Attività e  benefici del progetto di riorganizzazione e di potenziamento

Il CSM 24 Ore: Punto di riferimento aperto 24 /24 ore, per un’ampia gamma di risposte, prevede le seguenti attività:

visite ambulatoriali; attività di centro diurno: attività di psicoeducazione rivolta ai familiari, terapia cognitivo comportamentale, (progetto get up), attività di milieu, residenzialità per le persone che ne hanno bisogno; servizio di mensa, spazi di incontro per attività volte a favorire la socialità (per familiari, per gruppi, per associazioni), spazi di gestione e di autogestione volti a rafforzare per l’empowerment degli utenti (gruppi di confronto, community meeting); possibilità di garantire forme di trasferimento da e verso il domicilio.
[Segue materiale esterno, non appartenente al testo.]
(* The proof is the local-ratio argument behind Algorithm IIa.  Put
   rho = 1+T+Delta+2J and let Phi be the sum of the values p-hat of the pairs
   pushed during the forward phase.  Along any run we maintain three facts
   (record [invariant]):
   - after iteration j, p' <= 0 on every narrow pair with tail < j;
   - popping the stack on top of a feasible set A of narrow pairs of positive
     p' yields a set of value >= Phi + sum_A p'  ([pop_push]);
   - for every feasible set F of narrow pairs, sum_F (p - p') <= rho * Phi,
     because pushing a pair xs lowers p' on F by at most rho * p'(xs)
     ([push_charge_sum]): F holds at most T pairs sharing a group with xs, at
     most Delta sharing an alpha-resource, at most one pair meeting the chunk
     of xs (all such chunks contain its tail), and sum_F 2 maxbeta <= 2J.
   At the end of the run p' <= 0 on all narrow pairs, so the narrow part of any
   feasible set is worth at most rho * W^narrow; its wide part is a feasible
   set of wide pairs, worth at most W^{opt,wide}, and empty if no pair is wide. *)

Section LocalRatio.
Context (K N L T J Delta : nat) (Idx : finType) (R : realFieldType)
        (grp : 'I_K -> 'I_L) (p : pairT K N -> R)
        (beta : 'I_J -> pairT K N -> R) (alpha : Idx -> pairT K N -> bool).

Local Notation pair := (pairT K N).
Local Notation valid := (@Defs.valid K N L T grp).
Local Notation narrow := (@Defs.narrow K N L T J R grp beta).
Local Notation feasible := (@Defs.feasible K N L T J Idx R grp beta alpha).
Local Notation conflict := (@Defs.conflict K N L Idx grp alpha).
Local Notation maxbeta := (@Defs.maxbeta K N J R beta).
Local Notation update := (@Defs.update K N L T J Idx R grp beta alpha).
Local Notation value := (@Defs.value K N R p).

Hypothesis hbeta : forall q x, valid x -> 0 <= beta q x <= 1.
Hypothesis halpha : forall x, valid x -> (\sum_(q : Idx) (alpha q x : nat) <= Delta)%N.

Local Notation rho := ((1 + T + Delta + 2 * J)%:R : R).

Lemma narrow_valid x : narrow x -> valid x.
Proof. by case/andP. Qed.

Lemma valid_chunk x : valid x -> is_chunk x.2.
Proof. by case/andP. Qed.

Lemma chunk_neq0 (c : {set 'I_N}) : is_chunk c -> c != set0.
Proof. by case/andP. Qed.

Lemma tail_mem (c : {set 'I_N}) : c != set0 -> exists2 t : 'I_N, t \in c & tail c = t.
Proof.
case/set0Pn=> i0 ci0.
have c_gt0 : (0 < #|mem c|)%N by apply/card_gt0P; exists i0.
have [t ct tE] := @eq_bigmax_cond _ (mem c) (fun i : 'I_N => (i : nat)) c_gt0.
by exists t.
Qed.

Lemma le_tail (c : {set 'I_N}) (i : 'I_N) : i \in c -> (i <= tail c)%N.
Proof. exact: (@leq_bigmax_cond _ (mem c) (fun i : 'I_N => (i : nat))). Qed.

Lemma tail_lt x : valid x -> (tail x.2 < N)%N.
Proof. by move/valid_chunk/chunk_neq0/tail_mem=> [t _ ->]. Qed.

Lemma same_tail_meet (c d : {set 'I_N}) : c != set0 -> d != set0 ->
  tail c = tail d -> c :&: d != set0.
Proof.
move=> /tail_mem[t ct ctE] /tail_mem[t' dt' dtE] cd.
have tt' : t = t' by apply: val_inj; rewrite /= -ctE -dtE.
by apply/set0Pn; exists t; rewrite inE ct tt' dt'.
Qed.

Lemma chunk_between (c : {set 'I_N}) (i j k : 'I_N) :
  is_chunk c -> i \in c -> k \in c -> (i <= j <= k)%N -> j \in c.
Proof.
case/andP=> _ /forallP/(_ i)/forallP/(_ j)/forallP/(_ k) h ci ck /andP[ij jk].
by apply: (implyP h); rewrite ij jk ci ck.
Qed.

(* A chunk that meets d and does not end before Tail(d) contains Tail(d):
   this is why the RB constraint is charged only once per push. *)
Lemma chunk_contains_tail (c d : {set 'I_N}) (t : 'I_N) :
  is_chunk c -> tail d = t -> c :&: d != set0 -> (t <= tail c)%N -> t \in c.
Proof.
move=> chc dt /set0Pn[i]; rewrite inE => /andP[ci di] tc.
have [t' ct' ct'E] := tail_mem (chunk_neq0 chc).
apply: (chunk_between chc ci ct'); rewrite -ct'E tc andbT -dt.
exact: le_tail.
Qed.

Lemma maxbeta_ge0 x : 0 <= maxbeta x.
Proof. exact: bigmax_ge_id. Qed.

Lemma beta_le_maxbeta q x : beta q x <= maxbeta x.
Proof. exact: le_bigmax. Qed.

Lemma sumbeta_ge0 x : valid x -> 0 <= \sum_(q < J) beta q x.
Proof. by move=> vx; apply: sumr_ge0 => q _; case/andP: (hbeta q vx). Qed.

Lemma maxbeta_le_sum x : valid x -> maxbeta x <= \sum_(q < J) beta q x.
Proof.
move=> vx; apply: bigmax_le => [|q _]; first exact: sumbeta_ge0.
rewrite (bigD1 q) //= lerDl; apply: sumr_ge0 => i _; by case/andP: (hbeta i vx).
Qed.

Lemma feasible_valid F x : feasible F -> x \in F -> valid x.
Proof. by case/and5P=> /forall_inP hv _ _ _ _ /hv. Qed.

Lemma sum_le_subset (G F : {set pair}) (f : pair -> R) :
  G \subset F -> (forall x, x \in F -> 0 <= f x) ->
  \sum_(x in G) f x <= \sum_(x in F) f x.
Proof.
move=> sGF f0; rewrite [X in _ <= X](big_setID G) /= (setIidPr sGF) lerDl.
by apply: sumr_ge0 => x; rewrite inE => /andP[_ /f0].
Qed.

Lemma feasible_sub (G F : {set pair}) : G \subset F -> feasible F -> feasible G.
Proof.
move=> sGF fF; move: (fF) => /and5P[/forall_inP hv /forallP hg /forallP hr /forallP hb /forallP ha].
have sel (P : pred pair) : [set x in G | P x] \subset [set x in F | P x].
  by apply/subsetP => x; rewrite !inE => /andP[/(subsetP sGF) -> ->].
apply/and5P; split.
- by apply/forall_inP => x /(subsetP sGF) /hv.
- by apply/forallP => s; apply: leq_trans (hg s); apply: subset_leq_card.
- by apply/forallP => i; apply: leq_trans (hr i); apply: subset_leq_card.
- apply/forallP => q; apply: le_trans (hb q); apply: sum_le_subset => // x xF.
  by case/andP: (hbeta q (feasible_valid fF xF)).
- apply/forallP => q; apply: leq_trans (ha q).
  by apply: (sub_le_big leqnn (fun m n => leq_addr n m)) => x; apply: (subsetP sGF).
Qed.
• Garantisce maggiore integrazione con il Servizio Psichiatrico Diagnosi e Cura e le UO ospedaliere e supporta il momento della dimissione protetta;
• L’accoglienza H24 può essere decisa e concordata immediatamente, senza burocrazie e rinvii, così come la dimissione;
• Permette un pronto riconoscimento della crisi nelle persone accolte, e consente interventi precoci e leggeri, con possibile riduzione degli interventi e della cronicizzazione;
• Evita la perdita immediata di contatto con la rete ed il contesto di vita;
• Favorisce il mantenimento del ruolo sociale;
• Riduce lo stigma del ricovero;
• La bassa soglia assistenziale e la flessibilità organizzativa sostengono le famiglie ad alto
   carico assistenziale e ne migliorano le relazioni.
• Coagula ed aggrega le attività  del volontariato.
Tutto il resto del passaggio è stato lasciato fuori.